Search the material for the string "strip", then return every line where it is found.

▶ _GIVEN DATA_:
════════

(* Fix $\epsilon_2>0$ and $(u_\pm,v_\pm)$ with $v_\pm>0$ and $u_+<u_--2\epsilon_2$. For small $\epsilon_1>0$ let $(u^{\epsilon_1\epsilon_2},v^{\epsilon_1\epsilon_2})$ be the two-shock Riemann solution of the perturbed Brio system with data $(u_\pm,v_\pm)$. Then as $\epsilon_1\to0$, in the sense of distributions on $t>0$, $$u^{\epsilon_1\epsilon_2}\to u_-+(u_+-u_-)H(x-\sigma t),\qquad v^{\epsilon_1\epsilon_2}\to v_-+(v_+-v_-)H(x-\sigma t)+w^{\epsilon_2}(t)\delta_S,$$ with $\sigma=\tfrac12(u_-+u_+)$, $S=\{(t,\sigma t)\}$, $w^{\epsilon_2}(t)=\tfrac12\big(v_+(u_--u_++2\epsilon_2)-v_-(u_+-u_-+2\epsilon_2)\big)t$; this limit is the delta-shock solution of $u_t+(\tfrac12u^2)_x=0$, $v_t+(uv-\epsilon_2v)_x=0$ with these Riemann data, whose value of $u$ on the discontinuity is $u_\delta=\sigma+\epsilon_2$ (the limit of the intermediate velocity).
   Context: Perturbed Brio system: $u_t+(\tfrac12u^2+\tfrac12\epsilon_1v^2)_x=0$, $v_t+(uv-\epsilon_2v)_x=0$, $\epsilon_1,\epsilon_2>0$, $v>0$, with Riemann data $(u_-,v_-)$ for $x<0$, $(u_+,v_+)$ for $x>0$. The two-shock solution is $(u_-,v_-)$ for $x/t<\sigma_1$, $(u_*,v_* )$ for $\sigma_1<x/t<\sigma_2$, $(u_+,v_+)$ for $x/t>\sigma_2$, where $v_*>\max(v_-,v_+)$, $u_+<u_*<u_-$, $$u_*=u_-+(v_*-v_-)\frac{\epsilon_2-\sqrt{\epsilon_2^2+4\epsilon_1(v_*+v_-)^2}}{v_*+v_-},\qquad u_+=u_*+(v_+-v_* )\frac{\epsilon_2+\sqrt{\epsilon_2^2+4\epsilon_1(v_*+v_+)^2}}{v_*+v_+},$$ $\sigma_1=u_-+\frac{v_*(u_*-u_-)}{v_*-v_-}-\epsilon_2$, $\sigma_2=u_++\frac{v_*(u_+-u_* )}{v_+-v_*}-\epsilon_2$. $H$ is the Heaviside function and $\langle w\delta_S,\phi\rangle=\int_0^\infty w(t)\phi(t,\sigma t)dt$. *)

From Stdlib Require Import Reals.
Open Scope R_scope.

Definition cont2 (f : R -> R -> R) : Prop :=
  forall t x eps, 0 < eps -> exists del, 0 < del /\
    forall t' x', Rabs (t' - t) < del -> Rabs (x' - x) < del ->
      Rabs (f t' x' - f t x) < eps.

Fixpoint Ck (n : nat) (f : R -> R -> R) : Prop :=
  match n with
  | O => cont2 f
  | S m => cont2 f /\ exists ft fx : R -> R -> R,
      (forall t x, derivable_pt_lim (fun s => f s x) t (ft t x)) /\
      (forall t x, derivable_pt_lim (fun y => f t y) x (fx t x)) /\
      Ck m ft /\ Ck m fx
  end.

Definition smooth2 (f : R -> R -> R) : Prop := forall n, Ck n f.

Definition supported_in (phi : R -> R -> R) (a b c d : R) : Prop :=
  forall t x, ~ (a <= t <= b /\ c <= x <= d) -> phi t x = 0.

Definition test_fn (phi : R -> R -> R) : Prop :=
  smooth2 phi /\ exists a b c d, 0 < a /\ a <= b /\ c <= d /\ supported_in phi a b c d.

Definition iint (f : R -> R -> R) (a b c d I : R) : Prop :=
  exists G : R -> R,
    (forall t, a <= t <= b ->
       exists pr : Riemann_integrable (f t) c d, RiemannInt pr = G t) /\
    exists pr : Riemann_integrable G a b, RiemannInt pr = I.

Definition H (y : R) : R := if Rlt_dec 0 y then 1 else 0.

Definition three_state (s1 s2 l m r : R) (t x : R) : R :=
  if Rlt_dec x (s1 * t) then l
  else if Rlt_dec (s2 * t) x then r else m.

(** The two-shock Riemann solution of the perturbed Brio system:
    intermediate state (us, vs) satisfying the conditions of the context. *)
Definition two_shock (e1 e2 um vm up vp us vs : R) : Prop :=
  Rmax vm vp < vs /\ up < us /\ us < um /\
  us = um + (vs - vm) * (e2 - sqrt (e2 ^ 2 + 4 * e1 * (vs + vm) ^ 2)) / (vs + vm) /\
  up = us + (vp - vs) * (e2 + sqrt (e2 ^ 2 + 4 * e1 * (vs + vp) ^ 2)) / (vs + vp).

Definition sigma1 (e2 um vm us vs : R) : R :=
  um + vs * (us - um) / (vs - vm) - e2.
Definition sigma2 (e2 up vp us vs : R) : R :=
  up + vs * (up - us) / (vp - vs) - e2.

(** Convergence in D'({t>0}) as e1 -> 0+ of the family f e1 (defined for
    0 < e1 < e0) to the distribution  g + w(t) delta_{x = s t},
    tested against phi. *)
Definition dist_conv_at (e0 : R) (f : R -> R -> R -> R) (g : R -> R -> R)
    (w : R -> R) (s : R) (phi : R -> R -> R) : Prop :=
  forall a b c d, 0 < a -> a <= b -> c <= d -> supported_in phi a b c d ->
    exists (I : R -> R) (J : R),
      (forall e1, 0 < e1 < e0 -> iint (fun t x => f e1 t x * phi t x) a b c d (I e1)) /\
      (exists K, iint (fun t x => g t x * phi t x) a b c d K /\
         exists pr : Riemann_integrable (fun t => w t * phi t (s * t)) a b,
           J = K + RiemannInt pr) /\
      (forall eps, 0 < eps -> exists del, 0 < del /\
         forall e1, 0 < e1 < Rmin del e0 -> Rabs (I e1 - J) < eps).

Definition dist_conv (e0 : R) (f : R -> R -> R -> R) (g : R -> R -> R)
    (w : R -> R) (s : R) : Prop :=
  forall phi, test_fn phi -> dist_conv_at e0 f g w s phi.

(* Write q = sqrt e1 and S1, S2 for the square roots in the two shock curves.  The
   Hugoniot relations give um - up <= 2 e2 + 8 q vs, so vs grows like 1 / q, and they
   express us - (sigma + e2), sigma1 - sigma and sigma2 - sigma exactly through
   S2 - S1, vm (S1 - e2) / (vs + vm) and vp (S2 + e2) / (vs + vp), all O(q); moreover
   vs (sigma2 - sigma1) minus the growth rate of the delta weight is a combination of
   the two speed defects.  Tested against phi, a three-state profile l | m | r differs
   from the single jump at x = sigma t only through its middle strip, of width
   (sigma2 - sigma1) t; by uniform continuity of phi that strip contributes
   m (sigma2 - sigma1) t phi (t, sigma t) up to o(1), which tends to 0 for u and to the
   delta weight for v.  Existence for small e1 is the intermediate value theorem in vs. *)

From Stdlib Require Import Reals Lra Psatz FunctionalExtensionality.
From Coquelicot Require Import Coquelicot.
Open Scope R_scope.

Ltac Rminmax_lra :=
  unfold Rmin, Rmax in *;
  repeat match goal with
         | |- context [Rle_dec ?x ?y] => destruct (Rle_dec x y)
         | H : context [Rle_dec ?x ?y] |- _ => destruct (Rle_dec x y)
         end; lra.

(* The shape of the limits e1 -> 0+ in [dist_conv_at] and [theorem6p1], so that
   [vanishes] unfolds to them. *)
Definition near0 (e0 : R) (P : R -> Prop) : Prop :=
  exists del, 0 < del /\ forall e, 0 < e < Rmin del e0 -> P e.

Definition vanishes (e0 : R) (f : R -> R) : Prop :=
  forall eps, 0 < eps -> near0 e0 (fun e => Rabs (f e) < eps).

Lemma near0_and (e0 : R) (P Q : R -> Prop) :
  near0 e0 P -> near0 e0 Q -> near0 e0 (fun e => P e /\ Q e).
Proof.
  intros [d1 [Hd1 HP]] [d2 [Hd2 HQ]].
  exists (Rmin d1 d2). split; [now apply Rmin_glb_lt|].
  intros e He. split; [apply HP | apply HQ]; Rminmax_lra.
Qed.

════════

▶ _WRITTEN ANSWER_:
   from the single jump at x = sigma t only through its middle strip, of width
   (sigma2 - sigma1) t; by uniform continuity of phi that strip contributes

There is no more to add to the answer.